Foi então que o excessivamente macio e impressionável locutor de serviço da TVI inquiriu o verdadeiro oráculo que tinha pela frente da possibilidade de algo semelhante acontecer em Portugal.

- "Que não, que não" - certificou o Professor, sorrindo - "é que aqui em Portugal a extrema direita, A NOVA DEMOCRACIA, não tem a mesma força que o senhor Le Pen tem em França".

Há duas possibilidades para explicar este disparate. Ou o Professor estava demasiado cansado e foi negligente; ou não o foi, e esta comparação despropositada foi intencional e dolosa.

No primeiro caso o Professor Marcelo Rebelo de Sousa deverá pedir desculpas públicas pela sua grosseira falta de cuidado.

No segundo caso, revela uma lacuna séria na honestidade de uma figura pública que já deteve grandes responsabilidades antes de ser comentador dominical na TVI.

É quase ocioso lembrar que a Nova Democracia não tem aspecto algum que a possa conotar com qualquer forma extrema direita política, passada ou presente. Isso não existe no seu Manifesto. Nem na sua Declaração de Princípios. Nem na Moção aprovada no seu I Congresso. Nem em qualquer documento ou declaração política dos seus dirigentes.

Nenhum militante do Partido da Nova Democracia, independentemente das suas responsabilidades, defende causas, teses ou temas, vizinhos de qualquer extremismo ou totalitarismo. O partido de que sou militante é pela Liberdade. Defende inexoravelmente os direitos fundamentais. Qualquer forma de racismo ou de xenofobia é-nos repulsiva. Qualquer ideia que contrarie a dignidade da pessoa merece o nosso combate.
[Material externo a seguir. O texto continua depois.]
Definition s0 (t : R) : R := 1 / (b - a).

Definition sbar_c (t : R) : R :=
  Mfun t / Rintegral (@lebesgue_measure R) `[a, b]%classic Mfun.

End Defs.

From HB Require Import structures.
From mathcomp Require Import all_boot all_order all_algebra.
From mathcomp Require Import all_classical all_reals all_analysis.
From mathcomp Require Import ring lra.
Import Order.TTheory GRing.Theory Num.Theory.
Import numFieldNormedType.Exports.
Local Open Scope classical_set_scope.
Local Open Scope ring_scope.

(* Write D = [a, b], M for the pointwise maximal deviation
   over the retained calibration curves H2, k0 for the r-th smallest sup-score
   and IM = \int_D M.
   - With the constant modulation s0 = 1/(b-a) all scores are scaled by b-a,
     so Q(s0) = 2 (b-a) k0.
   - With sbar = M / IM every retained curve h satisfies |y_h - g| <= M, hence
     its sbar-score is at most IM; at least r scores are retained, so
     k^sbar <= IM and Q(sbar) = 2 k^sbar <= 2 IM <= 2 (b-a) k0 = Q(s0),
     the last step because M <= k0 on D.
   - Equality forces \int_D (k0 - M) = 0 with a non-negative continuous
     integrand, so M = k0 almost everywhere.  Conversely, if M is a.e.
     constant then, being continuous, it is constant on D, so sbar = s0 on D
     and both band sizes coincide. *)

Section OrderStatistics.
Context {R : realType}.
Implicit Types (s : seq R) (r : nat) (c : R).

Lemma kth_smallest_count s r : (0 < r)%N -> (r <= size s)%N ->
  (r <= count (fun x : R => (x <= kth_smallest s r)%R) s)%N.
Proof.
move=> r_gt0 r_le; rewrite /kth_smallest.
set t := sort <=%R s.
have t_sorted : sorted <=%R t by apply: sort_sorted => x y; exact: le_total.
have size_t : size t = size s by rewrite size_sort.
have -> : count (fun x : R => x <= nth 0 t r.-1) s = count (fun x : R => x <= nth 0 t r.-1) t.
  by apply/esym/permP; rewrite perm_sort.
set v := nth 0 t r.-1.
rewrite -(cat_take_drop r t) count_cat.
rewrite (_ : count _ (take r t) = size (take r t)); last first.
  apply/eqP; rewrite -all_count; apply/(all_nthP 0) => i.
  rewrite size_takel ?size_t // => i_lt; rewrite nth_take //=.
  rewrite /v; apply: (le_sorted_leq_nth 0 t_sorted); rewrite ?inE ?size_t.
  - exact: leq_trans i_lt r_le.
  - by rewrite prednK // ltnS.
  - by rewrite -ltnS prednK.
by rewrite size_takel ?size_t // leq_addr.
Qed.

Lemma kth_smallest_le s r c : (0 < r)%N -> (r <= size s)%N ->
  (r <= count (fun x : R => (x <= c)%R) s)%N -> kth_smallest s r <= c.
Proof.
move=> r_gt0 r_le r_count; rewrite /kth_smallest.
set t := sort <=%R s.
have t_sorted : sorted <=%R t by apply: sort_sorted => x y; exact: le_total.
have size_t : size t = size s by rewrite size_sort.
rewrite leNgt; apply/negP => c_lt.
have : (count (fun x : R => (x <= c)%R) t <= r.-1)%N.
  rewrite -(cat_take_drop r.-1 t) count_cat.
  have -> : count (fun x : R => x <= c) (drop r.-1 t) = 0%N.
    apply/eqP; rewrite -leqn0 leqNgt -has_count; apply/hasPn => x.
    move=> /(nthP 0) [i]; rewrite size_drop => i_lt <-.
    rewrite nth_drop -ltNge; apply: (lt_le_trans c_lt).
    apply: le_sorted_leq_nth => //; rewrite ?inE.
    - by rewrite size_t -ltnS prednK.
    - by rewrite -ltn_subRL.
    - by rewrite leq_addr.
  by rewrite addn0 (leq_trans (count_size _ _)) // size_take; case: ifP => // /negbT; rewrite -leqNgt.
have -> : count (fun x : R => x <= c) t = count (fun x : R => x <= c) s.
  by apply/permP; rewrite perm_sort.
by move=> /(leq_trans r_count); rewrite -ltnS prednK // ltnn.
Qed.

Lemma kth_smallest_mem s r : (0 < r)%N -> (r <= size s)%N -> kth_smallest s r \in s.
Proof.
move=> r_gt0 r_le; rewrite /kth_smallest -(mem_sort <=%R); apply: mem_nth.
by rewrite size_sort -ltnS prednK.
Qed.

Lemma kth_smallest_scale s r c : 0 < c -> (0 < r)%N -> (r <= size s)%N ->
  kth_smallest [seq c * x | x <- s] r = c * kth_smallest s r.
Proof.
move=> c_gt0 r_gt0 r_le; rewrite /kth_smallest.
have mono : {mono (fun x => c * x) : x y / x <= y >-> x <= y}.
  by move=> x y /=; rewrite ler_pM2l.
rewrite -(map_sort mono) (nth_map 0) // size_sort.
by rewrite -ltnS prednK // ltnS.
Qed.

End OrderStatistics.

Lemma rank_r_bounds {R : realType} {l : nat} {alpha : R} : (0 < l)%N ->
  1 / (l%:R + 1) <= alpha -> alpha < 1 ->
  (0 < rank_r l alpha)%N /\ (rank_r l alpha <= l)%N.
Proof.
move=> l_gt0 alpha_ge alpha_lt1; rewrite /rank_r.
have l1_gt0 : 0 < l%:R + 1 :> R by rewrite ltr_wpDl.
have l_alpha : 1 <= (l%:R + 1) * alpha.
  by move: alpha_ge; rewrite ler_pdivrMr // mulrC.
have x_gt0 : 0 < (l%:R + 1) * (1 - alpha) by rewrite mulr_gt0 // subr_gt0.
have x_le : (l%:R + 1) * (1 - alpha) <= l%:R by lra.
have ceil_ge_x := ceil_ge ((l%:R + 1) * (1 - alpha)).
have ceil_le_l : Num.ceil ((l%:R + 1) * (1 - alpha)) <= l%:Z by rewrite ceil_le_int.
move: ceil_ge_x ceil_le_l; case: (Num.ceil _) => m.
  move=> m_ge m_le; split; last by rewrite /= -lez_nat.
  rewrite /= lt0n; apply/eqP => m0; move: m_ge; rewrite m0 /= => m_ge; lra.
by move=> m_ge; have := lt_le_trans x_gt0 m_ge; rewrite ltr0z.
Qed.

Section RealAnalysis.
Context {R : realType}.
Local Notation mu := (@lebesgue_measure R).

Lemma sup_image_scale (T : Type) (D : set T) (f1 f2 : T -> R) (c : R) :
  0 < c -> D !=set0 -> has_ubound (f1 @` D) ->
  (forall t, D t -> f2 t = c * f1 t) -> sup (f2 @` D) = c * sup (f1 @` D).
Proof.
move=> c_gt0 [t0 Dt0] [B B_ub] f2E.
have sup1_ub : ubound (f1 @` D) (sup (f1 @` D)) by apply: ub_le_sup; exists B.
have f2_bounded : has_ubound (f2 @` D).
  exists (c * B) => _ [t Dt <-]; rewrite f2E // ler_pM2l //; apply: B_ub; by exists t.
have sup2_ub : ubound (f2 @` D) (sup (f2 @` D)) by apply: ub_le_sup.
apply/le_anti/andP; split.
- apply: ge_sup; first by exists (f2 t0), t0.
  move=> _ [t Dt <-]; rewrite f2E // ler_pM2l //; apply: sup1_ub; by exists t.
- rewrite -ler_pdivlMl //; apply: ge_sup; first by exists (f1 t0), t0.
  move=> _ [t Dt <-]; rewrite ler_pdivlMl // -f2E //; apply: sup2_ub; by exists t.
Qed.

(* A property holding almost everywhere cannot fail on a whole
   non-degenerate interval, which has positive Lebesgue measure. *)
Lemma ae_itv_contra {c d : R} {P : R -> Prop} : c < d ->
  {ae mu, forall t, P t} -> (forall t, t \in `[c, d] -> ~ P t) -> False.
Proof.
move=> cd [N [mN N0 notP_N]] notP.
have : (mu `[c, d]%classic <= mu N)%E.
  by apply: le_measure; rewrite ?inE // => t /notP tP; apply: notP_N.
by rewrite N0 lebesgue_measure_itv /= lte_fin cd lee_fin subr_le0 leNgt cd.
Qed.

(* A continuous function that is a.e. equal to c on [a, b] equals c there:
   otherwise it would differ from c on a whole subinterval. *)
Lemma continuous_ae_cst {a b c : R} {f : R -> R} : a < b ->
  {within `[a, b]%classic, continuous f} ->
  {ae mu, forall t, `[a, b]%classic t -> f t = c} ->
  forall t, `[a, b]%classic t -> f t = c.
Proof.
move=> ab f_cont f_ae t0 Dt0; apply/eqP/negPn/negP => ft0_neq.
have e_gt0 : 0 < `|f t0 - c| by rewrite normr_gt0 subr_eq0.
move/subspace_continuousP: f_cont => /(_ t0 Dt0) /cvgrPdist_lt /(_ _ e_gt0).
rewrite near_withinE => /nbhs_ballP [del /= del_gt0 near_t0].
have := Dt0; rewrite /= in_itv /= => /andP [a_le b_ge].
have del2_gt0 : 0 < del / 2 by rewrite divr_gt0.
apply: (@ae_itv_contra (Num.max a (t0 - del/2)) (Num.min b (t0 + del/2)) _ _ f_ae).
  rewrite lt_min !gt_max; apply/andP; split; apply/andP; split; lra.
move=> t; rewrite in_itv /= ge_max le_min => /andP [/andP [a_t t_l] /andP [t_b t_u]] ft.
have Dt : `[a, b]%classic t by rewrite /= in_itv /= a_t t_b.
have : ball t0 del t by rewrite /ball /= ltr_norml; apply/andP; split; lra.
by move=> /near_t0 /(_ Dt); rewrite /from_subspace /= ft // ltxx.
Qed.

Lemma Rintegral_eq0_ae {d : measure_display} {T : measurableType d}
    {nu : {measure set T -> \bar R}} {D : set T} {f : T -> R} :
  measurable D -> nu.-integrable D (EFin \o f) ->
  (forall t, D t -> 0 <= f t) -> Rintegral nu D f = 0 ->
  {ae nu, forall t, D t -> f t = 0}.
Proof.
move=> mD f_int f_ge0 f_int0.
have /integrableP [f_meas _] := f_int.
have f_fin := integrable_fin_num mD f_int.
have abs_int0 : (\int[nu]_(x in D) `|(EFin \o f) x|)%E = 0.
  transitivity (\int[nu]_(x in D) (EFin \o f) x)%E.
    by apply: eq_integral => x; rewrite inE => Dx; rewrite gee0_abs // lee_fin f_ge0.
  by move: f_int0; rewrite /Rintegral => f_int0; rewrite -(fineK f_fin) f_int0.
have := (ae_eq_integral_abs _ mD f_meas).1 abs_int0.
by apply: filterS => t ft0 Dt; have /(congr1 fine) := ft0 Dt.
Qed.

End RealAnalysis.

Lemma within_continuous_bigmax (R : realType) (T : topologicalType) (D : set T)
    (I : Type) (s : seq I) (P : pred I) (f : I -> T -> R) :
  (forall i, {within D, continuous (f i)}) ->
  {within D, continuous (fun t => \big[Num.max/0]_(i <- s | P i) f i t)}.
Proof.
move=> f_cont; elim: s => [|j s IH].
  rewrite (_ : (fun t => _) = cst 0); last by apply/funext => t; rewrite big_nil.
  by move=> x; apply: cvg_cst.
case Pj : (P j).
  rewrite (_ : (fun t => _) = (f j \max (fun t => \big[Num.max/0]_(i <- s | P i) f i t))).
    by move=> x; apply: continuous_max; [exact: f_cont | exact: IH].
  by apply/funext => t; rewrite big_cons Pj.
by rewrite (_ : (fun t => _) = (fun t => \big[Num.max/0]_(i <- s | P i) f i t)) //;
  apply/funext => t; rewrite big_cons Pj.
Qed.

Section BandSize.
Context {R : realType} {n : nat} {I2 : {set 'I_n}} {a b alpha : R}
  {y : 'I_n -> R -> R} {g : R -> R}.
Hypothesis ab : a < b.
Hypothesis y_cont : forall i, {within `[a, b]%classic, continuous (y i)}.
Hypothesis g_cont : {within `[a, b]%classic, continuous g}.
Hypothesis r_gt0 : (0 < rank_r #|I2| alpha)%N.
Hypothesis r_le : (rank_r #|I2| alpha <= #|I2|)%N.
Hypothesis M_gt0 : forall t, t \in `[a, b] -> 0 < Mfun I2 a b alpha y g t.

Local Notation D := (`[a, b]%classic : set R).
Local Notation mu := (@lebesgue_measure R).
Local Notation M := (Mfun I2 a b alpha y g).
Local Notation k0 := (k_0 I2 a b alpha y g).
Local Notation kq := (k_u I2 a b alpha y g).
Local Notation Q := (Qsize I2 a b alpha y g).
Local Notation sbar := (sbar_c I2 a b alpha y g).
Local Notation IM := (Rintegral mu D M).

Let dev (h : 'I_n) (t : R) : R := `|y h t - g t|.

Let D_a : D a. Proof. by rewrite /= in_itv /= lexx ltW. Qed.
Let measurable_D : measurable D. Proof. exact: measurable_itv. Qed.
Let length_gt0 : 0 < b - a. Proof. by rewrite subr_gt0. Qed.
Let mu_D : fine (mu D) = b - a.
Proof. by rewrite lebesgue_measure_itv /= lte_fin ab. Qed.
Let continuous_integrable {f : R -> R} :
  {within D, continuous f} -> mu.-integrable D (EFin \o f).
Proof. by apply: continuous_compact_integrable; exact: segment_compact. Qed.
Let cst_continuous (c : R) : {within D, continuous (cst c)}.
Proof. by move=> x; apply: cvg_cst. Qed.

Lemma dev_continuous h : {within D, continuous (dev h)}.
Proof.
apply: (@within_continuous_comp _ _ _ D (y h - g) Num.norm).
  by move=> x _; exact: norm_continuous.
exact: within_continuousB.
Qed.

(* By the extreme value theorem each deviation is bounded on D. *)
Lemma dev_bounded h : has_ubound (dev h @` D).
Proof.
have [c _ c_max] := EVT_max (ltW ab) (dev_continuous h).
by exists (dev h c) => _ [t Dt <-]; apply: c_max.
Qed.

Lemma dev_le_score0 h t : D t -> dev h t <= score0 a b y g h.
Proof. by move=> Dt; apply: (ub_le_sup (dev_bounded h)); exists t. Qed.

Lemma score0_ge0 h : 0 <= score0 a b y g h.
Proof. exact: le_trans (normr_ge0 (y h a - g a)) (dev_le_score0 h a D_a). Qed.

(* k0 is one of the sup-scores, hence non-negative. *)
Lemma k0_ge0 : 0 <= k0.
Proof.
have : k0 \in [seq score0 a b y g h | h <- enum I2].
  by apply: kth_smallest_mem => //; rewrite size_map -cardE.
by move=> /mapP [h _ ->]; exact: score0_ge0.
Qed.

Lemma dev_le_M h t : h \in H2 I2 a b alpha y g -> dev h t <= M t.
Proof. by move=> hH; exact: (le_bigmax_cond _ _ hH). Qed.

(* Every retained curve has sup-score at most k0, hence M <= k0 on D. *)
Lemma M_le_k0 t : D t -> M t <= k0.
Proof.
move=> Dt; apply: bigmax_le; first exact: k0_ge0.
move=> j; rewrite inE => /andP [_ j_le].
exact: le_trans (dev_le_score0 j t Dt) j_le.
Qed.

Lemma M_continuous : {within D, continuous M}.
Proof. exact: within_continuous_bigmax dev_continuous. Qed.

Lemma M_integrable : mu.-integrable D (EFin \o M).
Proof. exact: continuous_integrable M_continuous. Qed.
Local Hint Resolve M_integrable : core.

(* Integrating M <= k0 over D. *)
Lemma int_M_le : IM <= (b - a) * k0.
Proof.
have -> : (b - a) * k0 = Rintegral mu D (cst k0).
  by rewrite Rintegral_cst // mu_D mulrC.
apply: le_Rintegral => //; first exact: continuous_integrable (cst_continuous k0).
exact: M_le_k0.
Qed.

Lemma int_M_gt0 : 0 < IM.
Proof.
have M_ge0 t : D t -> 0 <= M t by move=> Dt; exact/ltW/M_gt0.
rewrite lt0r Rintegral_ge0 // andbT; apply/eqP => IM0.
have M_ae0 := Rintegral_eq0_ae (nu := mu) measurable_D M_integrable M_ge0 IM0.
apply: (ae_itv_contra ab M_ae0) => t Dt Mt0.
by have := M_gt0 t Dt; rewrite Mt0 // ltxx.
Qed.

Lemma score_s0 h : score a b y g (s0 a b) h = (b - a) * score0 a b y g h.
Proof.
apply: sup_image_scale => //; [by exists a | exact: (dev_bounded h) |].
by move=> t _; rewrite /s0 div1r invrK mulrC.
Qed.
(* Consider a cellular network with $n$ base stations $\mathcal{N}=\{1,\dots,n\}$, base station $i$ serving a nonempty set $\mathcal{J}_i$ of users (pairwise disjoint), channel gains $g_{kj}>0$, noise power $\sigma^2>0$, and $$f_i(\mathbf{x};\mathbf{r},\mathbf{p})=\sum_{j\in\mathcal{J}_i}\frac{r_{ij}}{\log\Big(1+\frac{p_i g_{ij}}{\sum_{k\ne i} p_k g_{kj} x_k+\sigma^2}\Big)}.$$ Let $\mathbf{d}_{\min}>\mathbf{0}$ and consider Problem P0: $$\min_{\mathbf{p}>\mathbf{0},\ \mathbf{r}>\mathbf{0},\ \mathbf{0}<\mathbf{x}\le\mathbf{1}} \mathbf{x}^T\mathbf{p}\quad\text{s.t.}\quad \mathbf{x}=\mathbf{f}(\mathbf{x};\mathbf{r},\mathbf{p}),\quad \mathbf{r}\ge\mathbf{d}_{\min}.$$ Then the optimal rate vector of Problem P0 satisfies $\mathbf{r}^\star=\mathbf{d}_{\min}$.
   Context: Vector inequalities are componentwise; $\log$ is natural logarithm. *)

From HB Require Import structures.
From mathcomp Require Import all_boot all_order all_algebra.
From mathcomp Require Import all_classical all_reals all_analysis.
Set Implicit Arguments. Unset Strict Implicit. Unset Printing Implicit Defensive.
Import Order.TTheory GRing.Theory Num.Theory.
Local Open Scope ring_scope.

(* Base stations are 'I_n; users form a finite type U; [a j] is the base
   station serving user j, so J_i = [set j | a j == i] (pairwise disjoint
   by construction).  Rates r_{ij} (j in J_i) are stored as [r j]. *)

Definition loadf (R : realType) (n : nat) (U : finType) (a : U -> 'I_n)
  (g : 'I_n -> U -> R) (sigma2 : R) (x : 'I_n -> R) (r : U -> R) (p : 'I_n -> R) (i : 'I_n) : R :=
  \sum_(j : U | a j == i)
     r j / ln (1 + p i * g i j /
                   (\sum_(k < n | k != i) p k * g k j * x k + sigma2)).

Definition P0_feasible (R : realType) (n : nat) (U : finType) (a : U -> 'I_n)
  (g : 'I_n -> U -> R) (sigma2 : R) (dmin : U -> R) (x : 'I_n -> R) (r : U -> R) (p : 'I_n -> R) : Prop :=
  (forall i, 0 < p i) /\ (forall j, 0 < r j) /\
  (forall i, 0 < x i <= 1) /\
  (forall i, x i = loadf a g sigma2 x r p i) /\
  (forall j, dmin j <= r j).

Definition P0_obj (R : realType) (n : nat) (x p : 'I_n -> R) : R :=
  \sum_(i < n) x i * p i.

Definition P0_optimal (R : realType) (n : nat) (U : finType) (a : U -> 'I_n)
  (g : 'I_n -> U -> R) (sigma2 : R) (dmin : U -> R) (x : 'I_n -> R) (r : U -> R) (p : 'I_n -> R) : Prop :=
  P0_feasible a g sigma2 dmin x r p /\
  forall x' r' p', P0_feasible a g sigma2 dmin x' r' p' ->
    P0_obj x p <= P0_obj x' p'.

From HB Require Import structures.
From mathcomp Require Import all_boot all_order all_algebra.
From mathcomp Require Import all_classical all_reals all_analysis.
Import Order.TTheory GRing.Theory Num.Theory.
Set Implicit Arguments. Unset Strict Implicit.
Local Open Scope ring_scope.

(* Suppose (x, r, p) is optimal but r_{j0} > dmin_{j0} for some user j0 of
   base station i0.  Each f_i is increasing in the loads x and in the rates r,
   so with the rates lowered to dmin we get f(x; dmin, p) <= x.  By Tarski's
   fixed point argument the monotone map f(.; dmin, p) then has a fixed point
   x* <= x, and x*_{i0} = f_{i0}(x*; dmin, p) <= f_{i0}(x; dmin, p)
   < f_{i0}(x; r, p) = x_{i0}.  Hence (x*, dmin, p) is feasible with a strictly
   smaller power x*^T p, contradicting optimality. *)

Section FixpointBelow.
Variables (R : realType) (I : Type) (F : (I -> R) -> I -> R) (x : I -> R).
Hypotheses (x_ge0 : forall i, 0 <= x i)
  (F_ge0 : forall y, (forall i, 0 <= y i) -> forall i, 0 <= F y i)
  (F_mono : forall y z, (forall i, 0 <= y i) -> (forall i, y i <= z i) ->
     forall i, F y i <= F z i)
  (Fx_le : forall i, F x i <= x i).

(* The fixed point is the coordinatewise infimum of the nonnegative
   sub-fixed points of F lying below x. *)
Lemma fixpoint_below :
  exists2 y, (forall i, 0 <= y i <= x i) & forall i, F y i = y i.
Proof.
pose S y := (forall i, 0 <= y i <= x i) /\ (forall i, F y i <= y i).
have Sx : S x by split=> // i; rewrite lexx x_ge0.
pose ys i := inf [set y i | y in S].
have ys_le y : S y -> forall i, ys i <= y i.
  move=> Sy i; apply: ge_inf; last by exists y.
  by exists 0 => _ [z [Sz _] <-]; case/andP: (Sz i).
have ys_ge0 i : 0 <= ys i.
  apply: lb_le_inf; first by exists (x i), x.
  by move=> _ [y [Sy _] <-]; case/andP: (Sy i).
have Fys_le i : F ys i <= ys i.
  apply: lb_le_inf; first by exists (x i), x.
  move=> _ [y Sy <-]; apply: le_trans (proj2 Sy i).
  exact: (F_mono ys_ge0 (ys_le y Sy) i).
have S_Fys : S (F ys).
  split=> [i|]; last exact: F_mono (F_ge0 ys_ge0) Fys_le.
  by rewrite F_ge0 // (le_trans (Fys_le i) (ys_le x Sx i)).
exists ys => [i|i]; first by rewrite ys_ge0 ys_le.
by apply/eqP; rewrite eq_le Fys_le ys_le.
Qed.

End FixpointBelow.

Section Load.
Variables (R : realType) (n : nat) (U : finType) (a : U -> 'I_n)
  (g : 'I_n -> U -> R) (sigma2 : R) (p : 'I_n -> R).
Hypotheses (g_gt0 : forall k j, 0 < g k j) (sigma2_gt0 : 0 < sigma2)
  (p_gt0 : forall i, 0 < p i).

Definition interference (y : 'I_n -> R) i j :=
  \sum_(k < n | k != i) p k * g k j * y k + sigma2.

Definition spectral_eff (y : 'I_n -> R) i j :=
  ln (1 + p i * g i j / interference y i j).

Lemma loadfE y r i :
  loadf a g sigma2 y r p i = \sum_(j | a j == i) r j / spectral_eff y i j.
Proof. by []. Qed.

Lemma interference_gt0 y i j : (forall k, 0 <= y k) -> 0 < interference y i j.
Proof.
move=> y_ge0; apply: ltr_wpDl => //; apply: sumr_ge0 => k _.
by rewrite !mulr_ge0 // ltW.
Qed.

Lemma interference_le y z i j : (forall k, y k <= z k) ->
  interference y i j <= interference z i j.
Proof.
move=> yz; rewrite lerD2r; apply: ler_sum => k _.
by rewrite ler_wpM2l // mulr_ge0 // ltW.
Qed.

Lemma sinr_gt0 y i j : (forall k, 0 <= y k) ->
  0 < p i * g i j / interference y i j.
Proof. by move=> y_ge0; rewrite divr_gt0 ?mulr_gt0 ?interference_gt0. Qed.

Lemma spectral_eff_gt0 y i j : (forall k, 0 <= y k) -> 0 < spectral_eff y i j.
Proof. by move=> y_ge0; rewrite ln_gt0 // ltrDl sinr_gt0. Qed.

Lemma spectral_eff_antitone y z i j : (forall k, 0 <= y k) ->
  (forall k, y k <= z k) -> spectral_eff z i j <= spectral_eff y i j.
Proof.
move=> y_ge0 yz; have z_ge0 k : 0 <= z k := le_trans (y_ge0 k) (yz k).
rewrite ler_ln ?posrE ?addr_gt0 ?sinr_gt0 //.
rewrite lerD2l ler_wpM2l //; first by rewrite mulr_ge0 // ltW.
by rewrite lef_pV2 ?posrE ?interference_gt0 ?interference_le.
Qed.

Lemma loadf_ge0 y r i : (forall j, 0 <= r j) -> (forall k, 0 <= y k) ->
  0 <= loadf a g sigma2 y r p i.
Proof.
move=> r_ge0 y_ge0; apply: sumr_ge0 => j _.
by rewrite divr_ge0 // ltW ?spectral_eff_gt0.
Qed.

Lemma loadf_gt0 y r i : (exists j, a j = i) -> (forall j, 0 < r j) ->
  (forall k, 0 <= y k) -> 0 < loadf a g sigma2 y r p i.
Proof.
move=> [j0 <-] r_gt0 y_ge0; rewrite loadfE (bigD1 j0) //=.
rewrite ltr_pwDl ?divr_gt0 ?spectral_eff_gt0 //.
by apply: sumr_ge0 => j _; rewrite divr_ge0 // ltW ?spectral_eff_gt0.
Qed.

Lemma loadf_mono y z r i : (forall j, 0 <= r j) -> (forall k, 0 <= y k) ->
  (forall k, y k <= z k) ->
  loadf a g sigma2 y r p i <= loadf a g sigma2 z r p i.
Proof.
move=> r_ge0 y_ge0 yz; have z_ge0 k : 0 <= z k := le_trans (y_ge0 k) (yz k).
rewrite !loadfE; apply: ler_sum => j _; rewrite ler_wpM2l //.
by rewrite lef_pV2 ?posrE ?spectral_eff_gt0 ?spectral_eff_antitone.
Qed.

Lemma loadf_le_rate y r r' i : (forall k, 0 <= y k) -> (forall j, r j <= r' j) ->
  loadf a g sigma2 y r p i <= loadf a g sigma2 y r' p i.
Proof.
move=> y_ge0 rr'; apply: ler_sum => j _.
by rewrite ler_wpM2r // ltW // invr_gt0 spectral_eff_gt0.
Qed.

Lemma loadf_lt_rate y r r' j0 : (forall k, 0 <= y k) ->
  (forall j, r j <= r' j) -> r j0 < r' j0 ->
  loadf a g sigma2 y r p (a j0) < loadf a g sigma2 y r' p (a j0).
Proof.
move=> y_ge0 rr' lt_j0; rewrite !loadfE (bigD1 j0) //= [ltRHS](bigD1 j0) //=.
rewrite ltr_leD ?ltr_pM2r ?invr_gt0 ?spectral_eff_gt0 //.
by apply: ler_sum => j _; rewrite ler_wpM2r // ltW // invr_gt0 spectral_eff_gt0.
Qed.

End Load.

Lemma P0_obj_lt (R : realType) (n : nat) (x y p : 'I_n -> R) (i0 : 'I_n) :
  (forall i, 0 < p i) -> (forall i, y i <= x i) -> y i0 < x i0 ->
  P0_obj y p < P0_obj x p.
Proof.
move=> p_gt0 yx lt_i0; rewrite /P0_obj (bigD1 i0) // [ltRHS](bigD1 i0) //=.
rewrite ltr_leD ?ltr_pM2r //.
by apply: ler_sum => i _; rewrite ler_wpM2r // ltW.
Qed.

Theorem lemma7 (R : realType) (n : nat) (U : finType) (a : U -> 'I_n)
  (g : 'I_n -> U -> R) (sigma2 : R) (dmin : U -> R)
  (Hnonempty : forall i : 'I_n, exists j : U, a j = i)
  (Hg : forall k j, 0 < g k j) (Hsigma : 0 < sigma2)
  (Hdmin : forall j, 0 < dmin j)
  (x : 'I_n -> R) (r : U -> R) (p : 'I_n -> R) :
  P0_optimal a g sigma2 dmin x r p -> r = dmin.
Proof.
move=> [[p_gt0 [r_gt0 [x_in [x_fix dmin_le]]]] x_opt].
apply/funext => j0; apply/eqP; rewrite eq_le dmin_le andbT leNgt.
apply/negP => lt_j0.
have x_ge0 k : 0 <= x k by case/andP: (x_in k) => /ltW.
have dmin_ge0 j : 0 <= dmin j by exact: ltW.
pose F y := loadf a g sigma2 y dmin p.
have Fx_le i : F x i <= x i by rewrite [leRHS]x_fix loadf_le_rate.
have [xs xs_in xs_fix] : exists2 xs, (forall i, 0 <= xs i <= x i) &
    forall i, F xs i = xs i.
  apply: fixpoint_below => // [y y_ge0 i|y z y_ge0 yz i].
  - exact: loadf_ge0.
  - exact: loadf_mono.
have xs_ge0 k : 0 <= xs k by case/andP: (xs_in k).
have xs_le k : xs k <= x k by case/andP: (xs_in k).
have xs_feas : P0_feasible a g sigma2 dmin xs dmin p.
  split=> //; split=> //; split=> [i|]; last by split=> // i; exact/esym/xs_fix.
  have xs_gt0 : 0 < xs i by rewrite -xs_fix; apply: loadf_gt0.
  by rewrite xs_gt0 (le_trans (xs_le i)) //; case/andP: (x_in i).
have lt_i0 : xs (a j0) < x (a j0).
  rewrite -xs_fix [ltRHS]x_fix (@le_lt_trans _ _ (F x (a j0))) //.
    exact: loadf_mono.
  exact: loadf_lt_rate.
by move: (x_opt _ _ _ xs_feas); rewrite leNgt (P0_obj_lt p_gt0 xs_le lt_i0).
Qed.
Temo-lo afirmado vezes demais para alguém, supostamente tão bem informado como o Professor Marcelo, ainda de tal não se tenha apercebido.

O que deixa, apenas, as possibilidades do Professor ter tido um infeliz momento de extrema desatenção ou de estar a querer mistificar e deformar a realidade, servindo-se do veículo da TVI para atingir propósitos menos claros.

Em qualquer dos casos, este é um incidente revelador de manifesta irresponsabilidade, para além de atestar o estado de decrepitude moral do sistema político português, exemplificado por um dos seus mais reputados artífices.